---------- Records for this task ----------
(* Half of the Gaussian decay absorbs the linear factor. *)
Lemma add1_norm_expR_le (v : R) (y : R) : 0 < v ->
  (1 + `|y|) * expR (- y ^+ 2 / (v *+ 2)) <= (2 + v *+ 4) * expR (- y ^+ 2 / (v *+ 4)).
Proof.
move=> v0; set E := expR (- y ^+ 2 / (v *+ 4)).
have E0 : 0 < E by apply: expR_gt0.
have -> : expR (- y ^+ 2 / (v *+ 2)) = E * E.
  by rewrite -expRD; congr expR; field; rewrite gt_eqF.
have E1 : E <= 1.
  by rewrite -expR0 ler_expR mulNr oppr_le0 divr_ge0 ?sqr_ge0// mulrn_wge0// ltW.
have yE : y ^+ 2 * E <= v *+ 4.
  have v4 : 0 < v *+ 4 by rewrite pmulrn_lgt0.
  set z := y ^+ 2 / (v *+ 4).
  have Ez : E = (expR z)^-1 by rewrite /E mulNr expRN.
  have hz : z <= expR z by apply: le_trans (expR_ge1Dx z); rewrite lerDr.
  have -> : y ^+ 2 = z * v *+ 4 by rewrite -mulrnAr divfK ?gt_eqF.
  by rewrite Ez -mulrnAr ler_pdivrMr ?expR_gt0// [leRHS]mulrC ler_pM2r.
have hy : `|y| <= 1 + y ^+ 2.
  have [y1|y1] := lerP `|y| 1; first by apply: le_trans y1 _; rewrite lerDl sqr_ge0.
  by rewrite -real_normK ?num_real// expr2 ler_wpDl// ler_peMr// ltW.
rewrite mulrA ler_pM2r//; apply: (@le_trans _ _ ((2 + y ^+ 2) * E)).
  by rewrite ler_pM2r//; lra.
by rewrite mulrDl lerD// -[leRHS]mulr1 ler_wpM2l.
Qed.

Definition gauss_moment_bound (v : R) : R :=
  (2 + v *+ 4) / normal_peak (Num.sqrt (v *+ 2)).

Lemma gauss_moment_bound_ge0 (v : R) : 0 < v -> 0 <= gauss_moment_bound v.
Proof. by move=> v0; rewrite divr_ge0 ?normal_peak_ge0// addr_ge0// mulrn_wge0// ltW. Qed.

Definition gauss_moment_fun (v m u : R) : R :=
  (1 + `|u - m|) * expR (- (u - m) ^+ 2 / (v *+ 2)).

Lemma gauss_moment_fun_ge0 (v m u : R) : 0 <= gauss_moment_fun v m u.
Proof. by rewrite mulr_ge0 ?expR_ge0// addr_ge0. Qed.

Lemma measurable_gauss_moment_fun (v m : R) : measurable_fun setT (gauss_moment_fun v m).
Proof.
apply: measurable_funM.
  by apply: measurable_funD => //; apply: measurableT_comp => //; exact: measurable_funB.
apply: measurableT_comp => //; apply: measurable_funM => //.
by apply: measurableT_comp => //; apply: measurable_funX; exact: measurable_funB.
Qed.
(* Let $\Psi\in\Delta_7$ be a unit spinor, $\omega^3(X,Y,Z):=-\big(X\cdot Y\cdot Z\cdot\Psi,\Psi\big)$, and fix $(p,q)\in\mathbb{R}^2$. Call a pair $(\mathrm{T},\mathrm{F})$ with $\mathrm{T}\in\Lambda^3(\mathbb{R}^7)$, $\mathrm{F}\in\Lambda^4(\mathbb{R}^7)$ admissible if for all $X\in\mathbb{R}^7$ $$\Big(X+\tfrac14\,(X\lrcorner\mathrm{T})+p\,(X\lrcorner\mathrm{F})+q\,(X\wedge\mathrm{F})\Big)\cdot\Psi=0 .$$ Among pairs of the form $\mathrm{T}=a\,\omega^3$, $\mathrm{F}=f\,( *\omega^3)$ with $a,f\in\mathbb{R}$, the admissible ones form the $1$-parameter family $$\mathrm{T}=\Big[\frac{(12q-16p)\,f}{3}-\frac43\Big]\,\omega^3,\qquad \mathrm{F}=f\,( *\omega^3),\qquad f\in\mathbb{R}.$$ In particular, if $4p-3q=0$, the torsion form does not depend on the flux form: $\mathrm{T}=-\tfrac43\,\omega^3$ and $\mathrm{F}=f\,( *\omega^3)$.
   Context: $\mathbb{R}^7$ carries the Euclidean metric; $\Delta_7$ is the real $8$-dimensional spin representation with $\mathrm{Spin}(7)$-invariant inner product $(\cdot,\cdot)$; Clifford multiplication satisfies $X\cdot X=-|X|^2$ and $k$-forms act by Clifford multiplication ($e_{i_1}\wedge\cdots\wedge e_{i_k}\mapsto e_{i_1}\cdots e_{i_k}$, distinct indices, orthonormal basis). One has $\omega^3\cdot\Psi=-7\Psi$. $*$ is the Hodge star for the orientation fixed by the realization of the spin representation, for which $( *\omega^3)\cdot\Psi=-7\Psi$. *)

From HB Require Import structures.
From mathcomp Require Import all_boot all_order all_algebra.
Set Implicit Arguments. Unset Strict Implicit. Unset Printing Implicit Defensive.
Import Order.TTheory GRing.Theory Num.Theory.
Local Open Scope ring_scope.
----------
[Task directions] When you write out the listing, keep every line exactly as it is above.

[Written answer]
(* Half of the Gaussian decay absorbs the linear factor. *)
Lemma add1_norm_expR_le (v : R) (y : R) : 0 < v ->
  (1 + `|y|) * expR (- y ^+ 2 / (v *+ 2)) <= (2 + v *+ 4) * expR (- y ^+ 2 / (v *+ 4)).
Proof.
move=> v0; set E := expR (- y ^+ 2 / (v *+ 4)).
have E0 : 0 < E by apply: expR_gt0.
have -> : expR (- y ^+ 2 / (v *+ 2)) = E * E.
  by rewrite -expRD; congr expR; field; rewrite gt_eqF.
have E1 : E <= 1.
  by rewrite -expR0 ler_expR mulNr oppr_le0 divr_ge0 ?sqr_ge0// mulrn_wge0// ltW.
have yE : y ^+ 2 * E <= v *+ 4.
  have v4 : 0 < v *+ 4 by rewrite pmulrn_lgt0.
  set z := y ^+ 2 / (v *+ 4).
  have Ez : E = (expR z)^-1 by rewrite /E mulNr expRN.
  have hz : z <= expR z by apply: le_trans (expR_ge1Dx z); rewrite lerDr.
  have -> : y ^+ 2 = z * v *+ 4 by rewrite -mulrnAr divfK ?gt_eqF.
  by rewrite Ez -mulrnAr ler_pdivrMr ?expR_gt0// [leRHS]mulrC ler_pM2r.
have hy : `|y| <= 1 + y ^+ 2.
  have [y1|y1] := lerP `|y| 1; first by apply: le_trans y1 _; rewrite lerDl sqr_ge0.
  by rewrite -real_normK ?num_real// expr2 ler_wpDl// ler_peMr// ltW.
rewrite mulrA ler_pM2r//; apply: (@le_trans _ _ ((2 + y ^+ 2) * E)).
  by rewrite ler_pM2r//; lra.
by rewrite mulrDl lerD// -[leRHS]mulr1 ler_wpM2l.
Qed.

Definition gauss_moment_bound (v : R) : R :=
  (2 + v *+ 4) / normal_peak (Num.sqrt (v *+ 2)).

Lemma gauss_moment_bound_ge0 (v : R) : 0 < v -> 0 <= gauss_moment_bound v.
Proof. by move=> v0; rewrite divr_ge0 ?normal_peak_ge0// addr_ge0// mulrn_wge0// ltW. Qed.

Definition gauss_moment_fun (v m u : R) : R :=
  (1 + `|u - m|) * expR (- (u - m) ^+ 2 / (v *+ 2)).

Lemma gauss_moment_fun_ge0 (v m u : R) : 0 <= gauss_moment_fun v m u.
Proof. by rewrite mulr_ge0 ?expR_ge0// addr_ge0. Qed.

Lemma measurable_gauss_moment_fun (v m : R) : measurable_fun setT (gauss_moment_fun v m).
Proof.
apply: measurable_funM.
  by apply: measurable_funD => //; apply: measurableT_comp => //; exact: measurable_funB.
apply: measurableT_comp => //; apply: measurable_funM => //.
by apply: measurableT_comp => //; apply: measurable_funX; exact: measurable_funB.
Qed.
(* Let $\Psi\in\Delta_7$ be a unit spinor, $\omega^3(X,Y,Z):=-\big(X\cdot Y\cdot Z\cdot\Psi,\Psi\big)$, and fix $(p,q)\in\mathbb{R}^2$. Call a pair $(\mathrm{T},\mathrm{F})$ with $\mathrm{T}\in\Lambda^3(\mathbb{R}^7)$, $\mathrm{F}\in\Lambda^4(\mathbb{R}^7)$ admissible if for all $X\in\mathbb{R}^7$ $$\Big(X+\tfrac14\,(X\lrcorner\mathrm{T})+p\,(X\lrcorner\mathrm{F})+q\,(X\wedge\mathrm{F})\Big)\cdot\Psi=0 .$$ Among pairs of the form $\mathrm{T}=a\,\omega^3$, $\mathrm{F}=f\,( *\omega^3)$ with $a,f\in\mathbb{R}$, the admissible ones form the $1$-parameter family $$\mathrm{T}=\Big[\frac{(12q-16p)\,f}{3}-\frac43\Big]\,\omega^3,\qquad \mathrm{F}=f\,( *\omega^3),\qquad f\in\mathbb{R}.$$ In particular, if $4p-3q=0$, the torsion form does not depend on the flux form: $\mathrm{T}=-\tfrac43\,\omega^3$ and $\mathrm{F}=f\,( *\omega^3)$.
   Context: $\mathbb{R}^7$ carries the Euclidean metric; $\Delta_7$ is the real $8$-dimensional spin representation with $\mathrm{Spin}(7)$-invariant inner product $(\cdot,\cdot)$; Clifford multiplication satisfies $X\cdot X=-|X|^2$ and $k$-forms act by Clifford multiplication ($e_{i_1}\wedge\cdots\wedge e_{i_k}\mapsto e_{i_1}\cdots e_{i_k}$, distinct indices, orthonormal basis). One has $\omega^3\cdot\Psi=-7\Psi$. $*$ is the Hodge star for the orientation fixed by the realization of the spin representation, for which $( *\omega^3)\cdot\Psi=-7\Psi$. *)

From HB Require Import structures.
From mathcomp Require Import all_boot all_order all_algebra.
Set Implicit Arguments. Unset Strict Implicit. Unset Printing Implicit Defensive.
Import Order.TTheory GRing.Theory Num.Theory.
Local Open Scope ring_scope.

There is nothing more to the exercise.